The government hasn’t been proactive in encouraging the use of cryptocurrencies either. In fact, the governor of the country’s Central Bank has repeatedly discouraged Kenyans from purchasing cryptocurrencies as they stand the risk of losing their investment. However, in recent days, the government has warmed up and even set up a task force composed of some of the country’s sharpest tech and business minds to look into cryptocurrencies and blockchain technology.
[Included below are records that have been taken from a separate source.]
Lemma trace_map_frob_linear w d : frob_compatible w -> frob_linear Q (trace_map w d).
Proof.
move=> Hw; rewrite /trace_map; set M := mconst n d * monomial K w; split => [x y|r x].
  rewrite -rmorphD; apply/piE.
  rewrite -(mtraceD pK l_lin) -(mtraceB pK l_lin) -mulrDr -mulrBr.
  apply: mtrace_monomialM_I => //; apply/piE.
  by rewrite reprK rmorphD; congr (_ + _); exact/esym/reprK.
have -> : r * pi (D (M * repr x)) = pi (D (repr r ^+ Q * (M * repr x))).
  by rewrite (mtrace_frobM pK l_lin) rmorphM; congr (_ * _); exact/esym/reprK.
apply/eqP; rewrite -subr_eq0 -rmorphB -(mtraceB pK l_lin) mulrCA -mulrBr.
apply/eqP/pi_eq0/mtrace_monomialM_I => //.
apply/piE; rewrite reprK rmorphM rmorphXn.
by congr (_ ^+ _ * _); exact/esym/reprK.
Qed.

(* With [r := a + 1] on [outside_q] and [r := 0] elsewhere, this is the [w]
   with [Q * r + (Q - 1) - w = a], provided [a < Q] off [outside_q]. *)
Definition witness_weight (a : 'I_n -> nat) (i : 'I_n) : nat :=
  if i \in outside_q then (Q * (a i).+1 + (Q - 1) - a i)%N else (Q - 1 - a i)%N.

Lemma frob_compatible_witness a :
  ~~ cartier_class a -> frob_compatible (witness_weight a).
Proof.
move=> nca G GT; have Q0 := expn_pchar_gt0 e pK.
have /forallPn [G'] : ~~ face ((G :\: supp a) :|: outside_q).
  apply: contra nca => ft; apply/existsP; exists ((G :\: supp a) :|: outside_q).
  rewrite ft subsetUr /=; apply/forallPn; exists G; rewrite GT /= negbK.
  by apply/subsetP => i iG; rewrite !inE iG /=; case: (a i != 0%N).
rewrite negb_imply negbK => /andP [G'T G't]; exists G' => // i iG'.
rewrite /witness_weight /set_exp; have := leq_pmull (a i).+1 Q0.
have := subsetP G't i iG'; rewrite !inE => /orP [/andP [/negPn/eqP ai iG]|iB].
  by case: ifP => _; rewrite ?iG ai; lia.
by rewrite iB; lia.
Qed.

(* If [x^a] had a coefficient [c != 0] in [f], the trace map
   [trace_map (witness_weight a) (t / c)] would send [f] into [q] with
   coefficient [l t = 1] at an exponent supported on [outside_q]. *)
Lemma mcoef_J_e_residual a f t : l t = 1 -> J_e p e q f ->
  ~~ cartier_class a -> ~~ frob_class Q a -> mcoef (repr f) a = 0.
Proof.
move=> lt Jf nca nfa; apply: NNPP => Fa; have Q0 := expn_pchar_gt0 e pK.
have aQ i : i \notin outside_q -> (a i < Q)%N.
  move=> iB; rewrite ltnNge; apply: contra nfa => Qa.
  by apply/existsP; exists i; rewrite iB.
pose r i := if i \in outside_q then (a i).+1 else 0%N.
have rB : supp r \subset outside_q by apply/subsetP => i; rewrite inE /r; case: ifP.
have := mcoef_q (Jf _ (trace_map_frob_linear (t / mcoef (repr f) a)
  (frob_compatible_witness nca))) rB.
rewrite (mcoef_mtrace pK l_lin) -mulrA (mulrC (monomial K _)) mcoef_constM.
rewrite mcoefM_monomial.
have -> : exp_le (witness_weight a) (fun i => Q * r i + (Q - 1))%N.
  apply/forallP => i; rewrite /witness_weight /r; case: ifP => iB.
    by set X := (Q * _)%N; lia.
  by rewrite muln0; lia.
have -> : (fun i => Q * r i + (Q - 1) - witness_weight a i)%N = a.
  apply: functional_extensionality => i; rewrite /witness_weight /r; case: ifP => iB.
    by have := leq_pmull (a i).+1 Q0; set X := (Q * _)%N; lia.
  by have := aQ i (negbT iB); rewrite muln0; lia.
by rewrite mulfVK ?lt; [move/eqP; rewrite oner_eq0 | apply/eqP].
Qed.

End TraceMaps.

Lemma J_e_sub_ideal_sum p e f : prime p -> p \in [pchar K] -> F_finite K p ->
  J_e p e q f -> ideal_sum (frob_pow (p ^ e) q) (cartier_core p q) f.
Proof.
move=> p_pr pK Ff Jf; have [l l_lin [t lt]] := exists_frobX_functional e pK Ff.
set F := repr f; pose P a := ~~ cartier_class a && frob_class (p ^ e) a.
have EF : F = mrestr P F + mrestr cartier_class F.
  apply: mcoef_inj => a; rewrite mcoefD !mcoef_mrestr /P.
  case: (boolP (cartier_class a)) => ca /=; first by rewrite add0r.
  case: (boolP (frob_class _ a)) => fa; first by rewrite addr0.
  by rewrite addr0 (mcoef_J_e_residual pK l_lin lt Jf ca fa).
exists (pi (mrestr P F)), (pi (mrestr cartier_class F)); split.
- apply: (@mrestr_ind _ _ (fun G => frob_pow (p ^ e) q (pi G))) => [|x y|a c /andP [_]].
  + by rewrite rmorph0; exact: ideal_gen0.
  + by rewrite rmorphD; exact: ideal_genD.
  exact: frob_class_frob_pow.
- apply: (@mrestr_ind _ _ (fun G => cartier_core p q (pi G))) => [|x y|a c].
  + by rewrite rmorph0; exact: cartier_core0 q_ideal.
  + by move=> Hx Hy; rewrite rmorphD; exact: (cartier_coreD q_ideal Hx Hy).
  exact: cartier_class_cartier_core.
- by rewrite -rmorphD -EF; exact/esym/reprK.
Qed.

End StanleyReisner.

Theorem mainTheorem11 (p : nat) (K : fieldType) (n : nat)
    (I : idealr (mpoly K n))
    (q : {ideal_quot I} -> Prop) :
  prime p -> p \in [pchar K] -> F_finite K p ->
  is_sqfree_monomial_ideal (I : pred (mpoly K n)) ->
  is_prime_ideal q ->
  is_monomial_ideal (fun f : mpoly K n => (\pi_({ideal_quot I}) f)%qT) q ->
  forall e : nat,
    ideal_eq (J_e p e q) (ideal_sum (frob_pow (p ^ e) q) (cartier_core p q)).
Proof.
move=> p_pr pK Ff [T I_gen] q_prime q_monomial e f; split.
  exact: J_e_sub_ideal_sum.
by apply: ideal_sum_sub_J_e; case: q_prime.
Qed.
The case for cryptocurrencies in the country was given a boost by the appointment of a long-time Bitcoin enthusiast, Joe Mucheru as the Cabinet Secretary for ICT. Joe was one of the founders of BitPesa, a startup that uses cryptocurrencies to make cross-border transfers cheaper and faster. BitPesa has received investment from renowned crypto-focused VC firms such as New York-based Pantera Capital whose founder, Dan Moorehead, serves on the startup’s board.

While the cryptocurrency industry hasn’t exactly taken root in Kenya yet, in some African countries, trading in cryptocurrencies is strictly prohibited. These include the southern African country of Namibia, where retail outlets are forbidden to accept cryptocurrencies, as well as the north African countries of Morocco and Algeria. In Algeria particularly, not only is trading in cryptocurrencies prohibited: possessing them is illegal.

Positive signs from the economic giants

It’s not all doom and gloom however, as some African countries have been quite progressive and ready to support cryptocurrencies and blockchain technology as well. Leading this group are the continent’s two largest economies, Nigeria and South Africa.afr

In South Africa, the Reserve Bank released a whitepaper that stated that while cryptocurrencies are not recognized as legal tender, citizens are free to buy, sell and store them. This has led to the emergence of a number of exchanges in the country which accept various payment methods, including bank transfers.

In Nigeria, the government was initially apprehensive of cryptocurrencies, at one point warning commercial banks against serving crypto-related businesses. However, as citizens’ interest grew, the government became friendlier and currently, citizens are free to trade cryptocurrencies. However, no official legal framework has been set up.

Cryptocurrency exchanges have targeted the country and the citizens have a number of options. They include Paxful, NairaEx and Luno. According to one Joe Chinedu, the cryptocurrency industry has grown by leaps and bounds over the past two years in the country. Joe, who runs a Bitcoin forum where traders share insights and ask questions, has been trading Bitcoin since early 2017 when Local Bitcoins was the only option. The number of traders has increased and it only takes a few minutes after placing a sell order to sell one’s cryptocurrency stash.

The industry still has a long way to go, Joe states, revealing that he hopes in the next few years, retail establishments will accept cryptocurrencies more. Currently, he can ‘count the number of establishments which accept Bitcoin on one hand,’ he states.

Africa lags behind the other continents in cryptocurrency adoption. However, the continent can become a force to reckon with as soon as the governments recognize the great opportunity cryptocurrencies can offer in a continent where a majority of people lack access to banking institutions.

It’s an exciting time ahead for the continent.

The author is not invested in digital assets.